Heart rate extraction algorithm based on adaptive heart rate search model.
10.7507/1001-5515.202101091
- Author:
Ronghao MENG
1
;
Zhuoshi LI
1
;
Helong YU
1
;
Qichao NIU
2
Author Information
1. Jilin Agricultural University, Changchun 130000, P. R. China.
2. Institute of Flexible Electronics Technology of THU. Zhejiang, Jiaxing, Zhejiang 314000, P. R. China.

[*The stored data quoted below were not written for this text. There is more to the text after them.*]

Lemma monomial_p v : monomial_or0_l (prange mu) (mul (monomial mu nu) (p v)).
Proof.
case: nu nu_valid => x ns nu_v; rewrite /monomial -(spath_star_p nu_v) -!mulA p_mul.
case: eqP => [_|_]; last by rewrite !mul0r; left.
by rewrite (spath_star_p nu_v); right; exists mu, (x, ns).
Qed.

Lemma monomial_sse f : monomial_or0_l (prange mu) (mul (monomial mu nu) (sse f)).
Proof.
case: nu nu_valid => x ns nu_v; rewrite /monomial -mulA.
have [x_sf|x_sf] := eqVneq x (s f).
  right; exists mu, (r f, f :: ns); split=> //.
    by rewrite valid_path_cons eqxx -x_sf.
  by rewrite /monomial spath_star_cons x_sf.
rewrite -(spath_star_p nu_v) -mulA -p_sse (mulA (p x)) p_mul (negbTE x_sf) mul0l !mul0r.
by left.
Qed.

Lemma monomial_se f : monomial_or0_l (prange mu) (mul (monomial mu nu) (se f)).
Proof.
case: nu nu_valid => x [|e ns] nu_v; rewrite /monomial -mulA; last first.
  move: nu_v; rewrite valid_path_cons => /andP[_ ?].
  rewrite spath_star_cons -!mulA sse_se; case: eqP => [_|_]; last by rewrite !mul0r; left.
  by rewrite spath_star_p //; right; exists mu, (s e, ns).
rewrite {1}/spath_star /= -p_se (mulA (p x)) p_mul.
have [x_rf|] := eqVneq x (r f); last by rewrite mul0l !mul0r; left.
case: mu mu_valid => u ms mu_v.
rewrite x_rf p_se -(spath_p mu_v) -mulA -p_se (mulA (p (psource s (u, ms)))) p_mul.
have [src_rf|] := eqVneq (psource s (u, ms)) (r f); last by rewrite mul0l !mul0r; left.
right; exists (u, rcons ms f), (s f, [::]).
split=> //; first exact: valid_path_rcons mu_v src_rf.
by rewrite src_rf p_se /monomial (spath_rcons mu_v src_rf) /spath_star /= -mulA se_p.
Qed.

End RightMultiplication.

End LeavittFamily.

Section Generated.
Variables (V0 E1 : countType) (r s : E1 -> V0).
Variables (R : comNzRingType) (A : lmodType R) (mul : A -> A -> A).
Variables (p : V0 -> A) (se sse : E1 -> A).
Hypotheses (mul_nalg : is_nalg mul) (fam : leavitt_family r s mul p se sse).

Inductive fam_generated : A -> Prop :=
| gen_p v : fam_generated (p v)
| gen_se e : fam_generated (se e)
| gen_sse e : fam_generated (sse e)
| gen0 : fam_generated 0
| genZD a x y : fam_generated x -> fam_generated y -> fam_generated (a *: x + y)
| gen_mul x y : fam_generated x -> fam_generated y -> fam_generated (mul x y).

Lemma fam_generated_closed : lincomb_closed fam_generated.
Proof. by split; [exact: gen0 | exact: genZD]. Qed.

Local Notation C := (sub_lmod fam_generated_closed).
Local Notation inC := (insub_lmod fam_generated_closed).

Definition generated_mul (x y : C) : C := inC (gen_mul (sub_lmodP x) (sub_lmodP y)).

Lemma generated_mul_nalg : is_nalg generated_mul.
Proof.
case: mul_nalg => mulA mulZDl mulZDr.
by split=> *; apply: val_inj; rewrite /= ?mulA ?mulZDl ?mulZDr.
Qed.

Lemma generated_family : leavitt_family r s generated_mul
  (fun v => inC (gen_p v)) (fun e => inC (gen_se e)) (fun e => inC (gen_sse e)).
Proof.
split.
- split=> [v|v w neq_vw]; apply: val_inj; first exact: (p_idem fam).
  by rewrite /= (p_mul fam) (negbTE neq_vw).
- by move=> e; split; apply: val_inj; [exact: (p_se fam) | exact: (se_p fam)].
- by move=> e; split; apply: val_inj; [exact: (p_sse fam) | exact: (sse_p fam)].
- by move=> e f; apply: val_inj; rewrite /= (sse_se fam); case: eqP.
- move=> v l l_nil l_enum; apply: val_inj; rewrite raddf_sum.
  exact: (p_sum_se_sse fam).
Qed.

End Generated.

(* Composing the map into the generated subalgebra with the inclusion fixes the
   generators, hence is the identity by uniqueness. *)
Lemma universal_leavitt_generated (V0 E1 : countType) (r s : E1 -> V0)
    (R : comNzRingType) (A : lmodType R) (mul : A -> A -> A)
    (p : V0 -> A) (se sse : E1 -> A) :
  universal_leavitt r s mul p se sse -> forall x, fam_generated mul p se sse x.
Proof.
case=> mul_nalg [fam univ] x.
have [[phi [[phi_lin phi_mul] [phi_p [phi_se phi_sse]]]] _] :=
  univ _ _ _ _ _ (generated_mul_nalg p se sse mul_nalg) (generated_family fam).
have [_ uniq] := univ A mul p se sse mul_nalg fam.
have val_phi : val (phi x) = x.
  apply: (uniq (fun x => val (phi x)) id) => // [|v|e|e]; last 3 first.
  - by rewrite phi_p.
  - by rewrite phi_se.
  - by rewrite phi_sse.
  by split=> [a y z|y z]; rewrite ?phi_lin ?phi_mul.
by rewrite -val_phi; apply: sub_lmodP.
Qed.

Section FullIdeal.
Variables (V0 E1 : countType) (r s : E1 -> V0) (V : V0 -> Prop).
Variables (R : comNzRingType) (A : lmodType R) (mul : A -> A -> A).
Variables (p : V0 -> A) (se sse : E1 -> A).
Hypotheses (mul_nalg : is_nalg mul) (fam : leavitt_family r s mul p se sse).
Local Notation valid := (valid_path r s).
Local Notation monomial := (monomial mul p se sse).
Local Notation fam_generated := (fam_generated mul p se sse).
Local Notation mulA := (nalg_mulA mul_nalg).

Definition M_gen (a : A) : Prop := exists mu nu,
  [/\ valid mu, valid nu, V (prange mu) & a = monomial mu nu].
Definition Mstar_gen (a : A) : Prop := exists mu nu,
  [/\ valid mu, valid nu, V (prange nu) & a = monomial mu nu].
Definition MstarM_gen (a : A) : Prop :=
  exists n m, [/\ rspan Mstar_gen n, rspan M_gen m & a = mul n m].

Lemma lincomb_Mstar_mull g :
    (forall mu nu, valid mu -> valid nu ->
       monomial_or0_r r s mul p se sse (prange nu) (mul g (monomial mu nu))) ->
  forall n, lincomb Mstar_gen n -> lincomb Mstar_gen (mul g n).
Proof.
move=> g_mon.
apply: (lincomb_linear (linear_lmul mul_nalg g)) => _ [mu [nu [mu_v nu_v Vnu ->]]].
have [->|[mu' [nu' [? ? nu'_nu ->]]]] := g_mon mu nu mu_v nu_v; first exact: lincomb0.
by apply: lincomb1; exists mu', nu'; rewrite nu'_nu.
Qed.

- Publication Type:Journal Article
- Keywords:
Acceleration signal;
Photoplethysmography;
Self-adaptive heart rate separation model;
Strong motion noise
- MeSH:
Algorithms;
Heart Rate/physiology*;
Photoplethysmography/methods*;
Signal Processing, Computer-Assisted;
Wearable Electronic Devices
- From:
Journal of Biomedical Engineering
2022;39(3):516-526
- CountryChina
- Language:Chinese
-
Abstract:
Photoplethysmography (PPG) is a non-invasive technique to measure heart rate at a lower cost, and it has been recently widely used in smart wearable devices. However, as PPG is easily affected by noises under high-intensity movement, the measured heart rate in sports has low precision. To tackle the problem, this paper proposed a heart rate extraction algorithm based on self-adaptive heart rate separation model. The algorithm firstly preprocessed acceleration and PPG signals, from which cadence and heart rate history were extracted respectively. A self-adaptive model was made based on the connection between the extracted information and current heart rate, and to output possible domain of the heart rate accordingly. The algorithm proposed in this article removed the interference from strong noises by narrowing the domain of real heart rate. From experimental results on the PPG dataset used in 2015 IEEE Signal Processing Cup, the average absolute error on 12 training sets was 1.12 beat per minute (bpm) (Pearson correlation coefficient: 0.996; consistency error: -0.184 bpm). The average absolute error on 10 testing sets was 3.19 bpm (Pearson correlation coefficient: 0.990; consistency error: 1.327 bpm). From experimental results, the algorithm proposed in this paper can effectively extract heart rate information under noises and has the potential to be put in usage in smart wearable devices.